# plowing roads, pay rates



## 1/2tonthatcould (Aug 5, 2011)

Im looking into putting my truck on a city, fitchburg, ma. It is a 98 gmc 3500, single rear axle 8 ft plow. Technically its a 1 ton but more meets the criteria of a 3/4 ton, as most people hear one ton and think dually 9 ft plow.

Anyways what do you guys think? Some roads are beat and hills can be steep, but I have to imagine if you go easy on your truck it pays off right? I do have 4wd, good tires and will be putting weight on the back, (flat bed body) any other suggestions? 

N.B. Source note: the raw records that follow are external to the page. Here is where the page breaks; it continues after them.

(* Let $\mathcal{P}'$ be a $(K',F',Z',S')$-PDA and write $g'=F'-Z'$. Let $m$ be a positive integer divisible by $6$. Then there exists a $(K,F,Z,S)$-PDA with $K=mK'$, $F=mF'$, $Z=mF'-3g'$ and $S=8S'$.
   Context: A $(K,F,Z,S)$-PDA (placement delivery array) is an $F\times K$ array whose entries are either the symbol $*$ or integers from $\{1,\dots,S\}$, each integer of $\{1,\dots,S\}$ appearing at least once, such that: (A) each column contains exactly $Z$ entries equal to $*$; (B) no integer appears more than once in any row or any column; (C) whenever $p_{j_1,k_1}=p_{j_2,k_2}=s$ is an integer with $j_1\ne j_2$ and $k_1\ne k_2$, then $p_{j_1,k_2}=p_{j_2,k_1}=*$. *)

From mathcomp Require Import all_boot.
Set Implicit Arguments. Unset Strict Implicit. Unset Printing Implicit Defensive.

(* A PDA array with F rows and K columns: entry p j k is [None] for the
   symbol * and [Some s] for the integer s. *)
Definition pda_array (F K : nat) := 'I_F -> 'I_K -> option nat.

Arguments pda_array : clear implicits.
Definition is_PDA (K F Z S : nat) (p : pda_array F K) : Prop :=
  (forall j k s, p j k = Some s -> 1 <= s <= S) /\
  (forall s, 1 <= s <= S -> exists j k, p j k = Some s) /\
  (forall k : 'I_K, #|[set j : 'I_F | p j k == None]| = Z) /\
  (forall (j : 'I_F) (k1 k2 : 'I_K) s,
      p j k1 = Some s -> p j k2 = Some s -> k1 = k2) /\
  (forall (j1 j2 : 'I_F) (k : 'I_K) s,
      p j1 k = Some s -> p j2 k = Some s -> j1 = j2) /\
  (forall (j1 j2 : 'I_F) (k1 k2 : 'I_K) s,
      p j1 k1 = Some s -> p j2 k2 = Some s -> j1 != j2 -> k1 != k2 ->
      p j1 k2 = None /\ p j2 k1 = None).
Arguments is_PDA : clear implicits.

From mathcomp Require Import all_boot zify.
Set Implicit Arguments. Unset Strict Implicit. Unset Printing Implicit Defensive.

(* The construction is a Kronecker product of placement delivery arrays.
   If P1 is a (K1,F1,Z1,S1)-PDA and P2 a (K2,F2,Z2,S2)-PDA, the array whose
   entry at row (j1,j2) and column (k1,k2) is the pair of symbols
   (P1 j1 k1, P2 j2 k2) when both are integers, and * otherwise, is a
   (K1 K2, F1 F2, F1 F2 - (F1-Z1)(F2-Z2), S1 S2)-PDA: every non-star entry
   of a column is a pair of non-star entries, and conditions (B), (C) are
   checked componentwise.  Pairs of indices and of symbols are encoded by
   the mixed-radix numbering a * F2 + b and (s1 - 1) * S2 + s2.
   With m = 6n, the theorem follows by taking the product of
     - the n x n identity PDA, an (n, n, n - 1, 1)-PDA,
     - an explicit (6, 6, 3, 8)-PDA, certified by a boolean decision
       procedure for the PDA conditions that is evaluated by computation,
   which gives an (m, m, m - 3, 8)-PDA, and then its product with P',
   whose number of stars per column is mF' - 3(F' - Z'). *)

Section OrdinalPairs.
Variables F1 F2 : nat.

Lemma pair_ord_subproof (a : 'I_F1) (b : 'I_F2) : a * F2 + b < F1 * F2.
Proof. case: a b => [a ha] [b hb] /=; nia. Qed.

Lemma ord_prod_pos (i : 'I_(F1 * F2)) : 0 < F2.
Proof. by case: F2 i => [|//] [i]; rewrite muln0. Qed.

Lemma fst_ord_subproof (i : 'I_(F1 * F2)) : i %/ F2 < F1.
Proof. by rewrite ltn_divLR ?(ord_prod_pos i). Qed.

Lemma snd_ord_subproof (i : 'I_(F1 * F2)) : i %% F2 < F2.
Proof. by rewrite ltn_pmod ?(ord_prod_pos i). Qed.

Definition pair_ord (a : 'I_F1) (b : 'I_F2) : 'I_(F1 * F2) :=
  Ordinal (pair_ord_subproof a b).
Definition fst_ord (i : 'I_(F1 * F2)) : 'I_F1 := Ordinal (fst_ord_subproof i).
Definition snd_ord (i : 'I_(F1 * F2)) : 'I_F2 := Ordinal (snd_ord_subproof i).

Lemma fst_pair_ord a b : fst_ord (pair_ord a b) = a.
Proof.
apply: val_inj => /=; have hF2 : 0 < F2 by case: (F2) b => [[]|].
by rewrite divnMDl // divn_small ?addn0.
Qed.

Lemma snd_pair_ord a b : snd_ord (pair_ord a b) = b.
Proof. by apply: val_inj => /=; rewrite modnMDl modn_small. Qed.

Lemma pair_ordK i : pair_ord (fst_ord i) (snd_ord i) = i.
Proof. by apply: val_inj => /=; rewrite -divn_eq. Qed.

Lemma ord_pair_inj i i' :
  fst_ord i = fst_ord i' -> snd_ord i = snd_ord i' -> i = i'.
Proof. by move=> E1 E2; rewrite -(pair_ordK i) -(pair_ordK i') E1 E2. Qed.

End OrdinalPairs.

Section SymbolPairs.
Variables S1 S2 : nat.

Definition pair_sym (s1 s2 : nat) : nat := (s1 - 1) * S2 + s2.

Lemma pair_sym_range s1 s2 :
  1 <= s1 <= S1 -> 1 <= s2 <= S2 -> 1 <= pair_sym s1 s2 <= S1 * S2.
Proof.
move=> h1 h2; have : (s1 - 1) * S2 <= (S1 - 1) * S2 by apply: leq_mul; lia.
rewrite /pair_sym; nia.
Qed.

Lemma pair_sym_inj s1 s2 t1 t2 :
  1 <= s1 -> 1 <= t1 -> 1 <= s2 <= S2 -> 1 <= t2 <= S2 ->
  pair_sym s1 s2 = pair_sym t1 t2 -> s1 = t1 /\ s2 = t2.
Proof.
rewrite /pair_sym => hs1 ht1 hs2 ht2 E.
have E' : (s1 - 1) * S2 + (s2 - 1) = (t1 - 1) * S2 + (t2 - 1) by lia.
have hS2 : 0 < S2 by lia.
have Ediv := congr1 (divn^~ S2) E'; have Emod := congr1 (modn^~ S2) E'.
rewrite /= !divnMDl // !divn_small ?addn0 in Ediv; [|lia..].
rewrite /= !modnMDl !modn_small in Emod; lia.
Qed.

Lemma pair_sym_surj s : 1 <= s <= S1 * S2 ->
  exists s1 s2, [/\ 1 <= s1 <= S1, 1 <= s2 <= S2 & s = pair_sym s1 s2].
Proof.
move=> hs; have hS2 : 0 < S2 by case: (S2) hs; rewrite ?muln0 //; lia.
exists ((s - 1) %/ S2).+1, ((s - 1) %% S2).+1; split.
- by rewrite /= ltn_divLR //; lia.
- by rewrite ltn_pmod.
- by rewrite /pair_sym subSS subn0 addnS -divn_eq; lia.
Qed.

End SymbolPairs.

Lemma column_integers F K Z (p : pda_array F K) (k : 'I_K) :
  #|[set j | p j k == None]| = Z -> #|[set j | p j k != None]| = F - Z.
Proof.
move=> <-; have := cardsC [set j | p j k != None]; rewrite card_ord.
have -> : ~: [set j | p j k != None] = [set j | p j k == None].
  by apply/setP => j; rewrite !inE negbK.
lia.
Qed.

Section Kronecker.
Variables (K1 F1 Z1 S1 K2 F2 Z2 S2 : nat).
Variables (P1 : pda_array F1 K1) (P2 : pda_array F2 K2).
Hypothesis PDA1 : is_PDA K1 F1 Z1 S1 P1.
Hypothesis PDA2 : is_PDA K2 F2 Z2 S2 P2.

Definition kron : pda_array (F1 * F2) (K1 * K2) := fun i c =>
  match P1 (fst_ord i) (fst_ord c), P2 (snd_ord i) (snd_ord c) with
  | Some s1, Some s2 => Some (pair_sym S2 s1 s2)
  | _, _ => None
  end.

Lemma kron_Some i c s : kron i c = Some s -> exists s1 s2,
  [/\ P1 (fst_ord i) (fst_ord c) = Some s1, P2 (snd_ord i) (snd_ord c) = Some s2
    & s = pair_sym S2 s1 s2].
Proof.
rewrite /kron; case: (P1 _ _) => [s1|] //; case: (P2 _ _) => [s2|] // [<-].
by exists s1, s2.
Qed.

Lemma kron_same_symbol i c i' c' s :
  kron i c = Some s -> kron i' c' = Some s -> exists s1 s2,
  [/\ P1 (fst_ord i) (fst_ord c) = Some s1, P1 (fst_ord i') (fst_ord c') = Some s1,
      P2 (snd_ord i) (snd_ord c) = Some s2 & P2 (snd_ord i') (snd_ord c') = Some s2].
Proof.
case: PDA1 PDA2 => [R1 _] [R2 _].
move=> /kron_Some [s1 [s2 [e1 e2 ->]]] /kron_Some [t1 [t2 [e1' e2' E]]].
have [h1 h1'] := (R1 _ _ _ e1, R1 _ _ _ e1').
have [h2 h2'] := (R2 _ _ _ e2, R2 _ _ _ e2').
have [eq1 eq2] : s1 = t1 /\ s2 = t2 by apply: (pair_sym_inj (S2 := S2)); lia.
by exists s1, s2; rewrite eq1 eq2 in e1 e2 *.
Qed.

Lemma kron_range i c s : kron i c = Some s -> 1 <= s <= S1 * S2.
Proof.
case: PDA1 PDA2 => [R1 _] [R2 _] /kron_Some [s1 [s2 [e1 e2 ->]]].
exact: pair_sym_range (R1 _ _ _ e1) (R2 _ _ _ e2).
Qed.

Lemma kron_cover s : 1 <= s <= S1 * S2 -> exists i c, kron i c = Some s.
Proof.
case: PDA1 PDA2 => [_ [C1 _]] [_ [C2 _]].
move=> /pair_sym_surj [s1 [s2 [/C1 [j1 [k1 e1]] /C2 [j2 [k2 e2]] ->]]].
exists (pair_ord j1 j2), (pair_ord k1 k2).
by rewrite /kron !fst_pair_ord !snd_pair_ord e1 e2.
Qed.

Lemma kron_column_integers c :
  #|[set i | kron i c != None]| = (F1 - Z1) * (F2 - Z2).
Proof.
case: PDA1 PDA2 => [_ [_ [Z1P _]]] [_ [_ [Z2P _]]].
set A1 := [set j | P1 j (fst_ord c) != None].
set A2 := [set j | P2 j (snd_ord c) != None].
have -> : [set i | kron i c != None] =
          (fun x => pair_ord x.1 x.2) @: setX A1 A2.
  apply/setP => i; rewrite inE; apply/idP/imsetP.
  - move=> nz; exists (fst_ord i, snd_ord i); last by rewrite pair_ordK.
    by move: nz; rewrite /kron !inE; case: (P1 _ _); case: (P2 _ _).
  - move=> [[j1 j2]]; rewrite !inE /= => /andP [nz1 nz2] ->.
    by rewrite /kron !fst_pair_ord !snd_pair_ord; case: (P1 _ _) nz1; case: (P2 _ _) nz2.
rewrite card_imset; last first.
  move=> [a b] [a' b'] /= E.
  have := congr1 (@fst_ord _ _) E; have := congr1 (@snd_ord _ _) E.
  by rewrite !fst_pair_ord !snd_pair_ord => -> ->.
by rewrite cardsX (column_integers (Z1P _)) (column_integers (Z2P _)).
Qed.

Lemma kron_column_stars c :
  #|[set i | kron i c == None]| = F1 * F2 - (F1 - Z1) * (F2 - Z2).
Proof.
have := cardsC [set i | kron i c == None]; rewrite card_ord.
have -> : ~: [set i | kron i c == None] = [set i | kron i c != None].
  by apply/setP => i; rewrite !inE.
rewrite kron_column_integers; lia.
Qed.

Lemma kron_row i c c' s : kron i c = Some s -> kron i c' = Some s -> c = c'.
Proof.
case: PDA1 PDA2 => [_ [_ [_ [Row1 _]]]] [_ [_ [_ [Row2 _]]]].
move=> e e'; have [s1 [s2 [e1 e1' e2 e2']]] := kron_same_symbol e e'.
exact: ord_pair_inj (Row1 _ _ _ _ e1 e1') (Row2 _ _ _ _ e2 e2').
Qed.

Lemma kron_col i i' c s : kron i c = Some s -> kron i' c = Some s -> i = i'.
Proof.
case: PDA1 PDA2 => [_ [_ [_ [_ [Col1 _]]]]] [_ [_ [_ [_ [Col2 _]]]]].
move=> e e'; have [s1 [s2 [e1 e1' e2 e2']]] := kron_same_symbol e e'.
exact: ord_pair_inj (Col1 _ _ _ _ e1 e1') (Col2 _ _ _ _ e2 e2').
Qed.

(* Condition (C): if the rows differ in the first factor, then so do the
   columns (by (B) for P1) and (C) for P1 applies; otherwise the columns
   agree in the first factor (by (B) for P1), so rows and columns both
   differ in the second factor and (C) for P2 applies. *)
Lemma kron_cross i i' c c' s :
  kron i c = Some s -> kron i' c' = Some s -> i != i' -> c != c' ->
  kron i c' = None /\ kron i' c = None.
Proof.
case: PDA1 PDA2 => [_ [_ [_ [Row1 [Col1 Cross1]]]]] [_ [_ [_ [_ [_ Cross2]]]]].
move=> e e' ni nc; have [s1 [s2 [e1 e1' e2 e2']]] := kron_same_symbol e e'.
rewrite /kron; have [fi | nfi] := eqVneq (fst_ord i) (fst_ord i').
- have fc : fst_ord c = fst_ord c' by apply: Row1 e1 _; rewrite fi.
  have si : snd_ord i != snd_ord i'.
    by apply: contraNneq ni => si; apply/eqP/ord_pair_inj.
  have sc : snd_ord c != snd_ord c'.
    by apply: contraNneq nc => sc; apply/eqP/ord_pair_inj.
  have [-> ->] := Cross2 _ _ _ _ _ e2 e2' si sc.
  by case: (P1 _ _); case: (P1 _ _).
- have fc : fst_ord c != fst_ord c'.
    by apply: contra_neq nfi => fc; apply: Col1 e1 _; rewrite fc.
  by have [-> ->] := Cross1 _ _ _ _ _ e1 e1' nfi fc.
Qed.

Lemma kron_PDA :
  is_PDA (K1 * K2) (F1 * F2) (F1 * F2 - (F1 - Z1) * (F2 - Z2)) (S1 * S2) kron.
Proof.
split; [exact: kron_range | split; [exact: kron_cover | split]].
- exact: kron_column_stars.
- split; [exact: kron_row | split; [exact: kron_col | exact: kron_cross]].
Qed.

End Kronecker.

Definition identity_pda (n : nat) : pda_array n n :=
  fun j k => if j == k then Some 1 else None.
Arguments identity_pda : clear implicits.

Lemma identity_PDA n : 0 < n -> is_PDA n n (n - 1) 1 (identity_pda n).
Proof.
move=> n_gt0; rewrite /identity_pda; split; [|split; [|split; [|split; [|split]]]].
- by move=> j k s; case: (j == k) => // -[<-].
- move=> s hs; have -> : s = 1 by lia.
  by case: n n_gt0 => [|n] // _; exists ord0, ord0; rewrite eqxx.
- move=> k; have -> : [set j | (if j == k then Some 1 else None) == None] = [set~ k].
    by apply/setP => j; rewrite !inE; case: (j == k).
  by rewrite cardsC1 card_ord subn1.
- by move=> j k1 k2 s; case: eqP => // <- _; case: eqP.
- by move=> j1 j2 k s; case: eqP => // -> _; case: eqP.
- move=> j1 j2 k1 k2 s; case: eqP => // -> _; case: eqP => // -> _ nj _.
  by rewrite (negbTE nj) eq_sym (negbTE nj).
Qed.

(* A decision procedure for the PDA conditions on an array given by a
   function of natural-number indices; it ranges over explicit lists
   [iota 0 n] so that it evaluates by computation, and certifies the
   explicit base array below. *)
Definition all_below (n : nat) (P : pred nat) : bool := all P (iota 0 n).
Definition has_below (n : nat) (P : pred nat) : bool := has P (iota 0 n).

Lemma all_belowP n P : all_below n P -> forall i : 'I_n, P i.
Proof. by move=> /allP H i; apply: H; rewrite mem_iota ltn_ord. Qed.

Lemma has_belowP n P : has_below n P -> exists i : 'I_n, P i.
Proof.
by case/hasP => i; rewrite mem_iota add0n => /andP [_ lt_in] Pi; exists (Ordinal lt_in).
Qed.

Lemma card_ord_count n (P : pred nat) :
  #|[set i : 'I_n | P i]| = count P (iota 0 n).
Proof. by rewrite cardsE cardE /enum_mem size_filter unlock -val_ord_enum count_map. Qed.

Definition pda_check (K F Z S : nat) (q : nat -> nat -> option nat) : bool :=
  [&& all_below F (fun j => all_below K (fun k =>
        if q j k is Some s then 0 < s <= S else true)),
      all (fun s => has_below F (fun j => has_below K (fun k => q j k == Some s)))
          (iota 1 S),
      all_below K (fun k => count (fun j => q j k == None) (iota 0 F) == Z),
      all_below F (fun j => all_below K (fun k1 => all_below K (fun k2 =>
        (q j k1 != None) && (q j k1 == q j k2) ==> (k1 == k2)))),
      all_below F (fun j1 => all_below F (fun j2 => all_below K (fun k =>
        (q j1 k != None) && (q j1 k == q j2 k) ==> (j1 == j2)))) &
      all_below F (fun j1 => all_below F (fun j2 =>
        all_below K (fun k1 => all_below K (fun k2 =>
          [&& q j1 k1 != None, q j1 k1 == q j2 k2, j1 != j2 & k1 != k2] ==>
          (q j1 k2 == None) && (q j2 k1 == None)))))].

Lemma pda_checkP K F Z S (q : nat -> nat -> option nat) :
  pda_check K F Z S q -> is_PDA K F Z S (fun (j : 'I_F) (k : 'I_K) => q j k).
Proof.
case/and5P => /all_belowP R /allP C /all_belowP St /all_belowP Row /andP [].
move=> /all_belowP Col /all_belowP Cr.
split; [|split; [|split; [|split; [|split]]]].
- by move=> j k s e; move: (all_belowP (R j) k); rewrite e.
- move=> s hs; have /C /has_belowP [j /has_belowP [k /eqP e]] : s \in iota 1 S.
    by rewrite mem_iota; case/andP: hs => -> /=; rewrite add1n ltnS.
  by exists j, k.
- by move=> k; rewrite (card_ord_count _ (fun j => q j k == None)); apply/eqP.
- move=> j k1 k2 s e1 e2; apply/val_inj/eqP.
  by move: (all_belowP (all_belowP (Row j) k1) k2); rewrite e1 e2 eqxx.
- move=> j1 j2 k s e1 e2; apply/val_inj/eqP.
  by move: (all_belowP (all_belowP (Col j1) j2) k); rewrite e1 e2 eqxx.
- move=> j1 j2 k1 k2 s e1 e2 nj nk.
  move: (all_belowP (all_belowP (all_belowP (Cr j1) j2) k1) k2).
  by rewrite e1 e2 eqxx nj nk /= => /andP [/eqP -> /eqP ->].
Qed.

(* An explicit (6,6,3,8)-PDA; 0 stands for the symbol *. *)
Definition base_table : seq (seq nat) :=
  [:: [:: 1; 4; 7; 0; 0; 0];
      [:: 2; 5; 8; 0; 0; 0];
      [:: 3; 6; 0; 7; 8; 0];
      [:: 0; 0; 3; 1; 4; 5];
      [:: 0; 0; 0; 2; 0; 6];
      [:: 0; 0; 0; 0; 2; 7]].

Definition base_entry (j k : nat) : option nat :=
  if nth 0 (nth [::] base_table j) k is s.+1 then Some s.+1 else None.

Definition base_pda : pda_array 6 6 := fun j k => base_entry j k.

Lemma base_PDA : is_PDA 6 6 3 8 base_pda.
Proof. by apply: pda_checkP; vm_compute. Qed.

Lemma base_multiple_PDA m : 0 < m -> 6 %| m ->
  exists B : pda_array m m, is_PDA m m (m - 3) 8 B.
Proof.
move=> m_gt0 /dvdnP [n def_m]; subst m.
have n_gt0 : 0 < n by move: m_gt0; rewrite muln_gt0 => /andP [].
have := kron_PDA (identity_PDA n_gt0) base_PDA.
have -> : n * 6 - (n - (n - 1)) * (6 - 3) = n * 6 - 3 by lia.
by exists (kron 8 (identity_pda n) base_pda).
Qed.

Theorem theorem5p2 (K' F' Z' S' : nat) (P' : pda_array F' K') (m : nat) :
  is_PDA K' F' Z' S' P' -> 0 < m -> 6 %| m ->
  exists P : pda_array (m * F') (m * K'),
    is_PDA (m * K') (m * F') (m * F' - 3 * (F' - Z')) (8 * S') P.
Proof.
move=> PDA' m_gt0 m6; have [B PDA_B] := base_multiple_PDA m_gt0 m6.
have m_ge3 : 3 <= m by apply: leq_trans (dvdn_leq m_gt0 m6).
have := kron_PDA PDA_B PDA'.
have -> : m - (m - 3) = 3 by lia.
by exists (kron S' B P').
Qed.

There rates are $50 and $60 per hour depending on the size truck? Are these fair? what do yo u think it costs to run a truck like this, 5.7l gas. do they tend to stick the new guys on **** routes?


----------



## snoway63 (Dec 29, 2009)

I dont do roads but i wouldnt plow for less then 75 hr for roads you need to take into account your fuel and wear and tear on your truck, down here in hy they get anywhere from 65 and up depending on truck size and plow size, good luck


----------



## jerrywane (Mar 8, 2011)

*gonna see*

I have been thinking about looking into it for my local rds.I think you need good ins. though....I think i can make more doing lotz,but some of my customers are on willcall,and with the county i should be able to just do a route....hmmmmmmmmmmm gonna see.ILL be back


----------



## Landcare - Mont (Feb 28, 2011)

How can you plow roads properly with a 3/4-ton truck and an 8-foot plow? What kind of roads are these? The residential roads we do cannot be done properly without a side wing on the truck. You can't round off the corners without one - they stay all square and jutting out into the traffic lane.


----------



## jerrywane (Mar 8, 2011)

*small roads*

some of our roads are barely wide enough for 2.5 cars to get through.All curvy,and sloping,and are the last to get done...sometimes it will be 3-4 days before the city gets to them....schools close down here on a chance of snow....roads are too dangerous.I am from Chicago,and have had wider Allys...so plenty to sub out.i will look into this and find out soon.Real busy with my day job/health to get to it now + its the WORLD CHICKEN FESTIVAL WEEK....yep ,were big time down here,and close off Main street for 4 days to play....K.F.C. is our claim to fame check it out http://chickenfestival.com/


----------



## 1/2tonthatcould (Aug 5, 2011)

Massachusetts has alot of narrow windy roads, back roads, dead ends, neighboorhoods etc that get plowed with pickups, its pretty common down here. Just 2 years ago the state was hiring 3/4 ton pickups for the ramps


----------



## GTLS (Nov 29, 2008)

Plowing in the dirty burg.... Doesn't sound like fun. Why not pick up some accounts for yourself and make that hourly wage in much less time?


----------



## jerrywane (Mar 8, 2011)

*$$$$$$$$$*



1/2tonthatcould;1311682 said:


> Massachusetts has alot of narrow windy roads, back roads, dead ends, neighboorhoods etc that get plowed with pickups, its pretty common down here. Just 2 years ago the state was hiring 3/4 ton pickups for the ramps


Whats the payrate like,,,,per push,inch,hour.....shift? Thanks


----------



## 1/2tonthatcould (Aug 5, 2011)

all by the hour, cities pay 3/4 ton trucks 50-55 depending on the city, one tons 60-70, backhoes are 75-90, loaders 90+


----------



## LunchBox (Oct 28, 2010)

My 3/4 ton gets just shy of 90 hr plowing for the city.


----------



## jerrywane (Mar 8, 2011)

*WoW*




LunchBox;1312925 said:


> My 3/4 ton gets just shy of 90 hr plowing for the city.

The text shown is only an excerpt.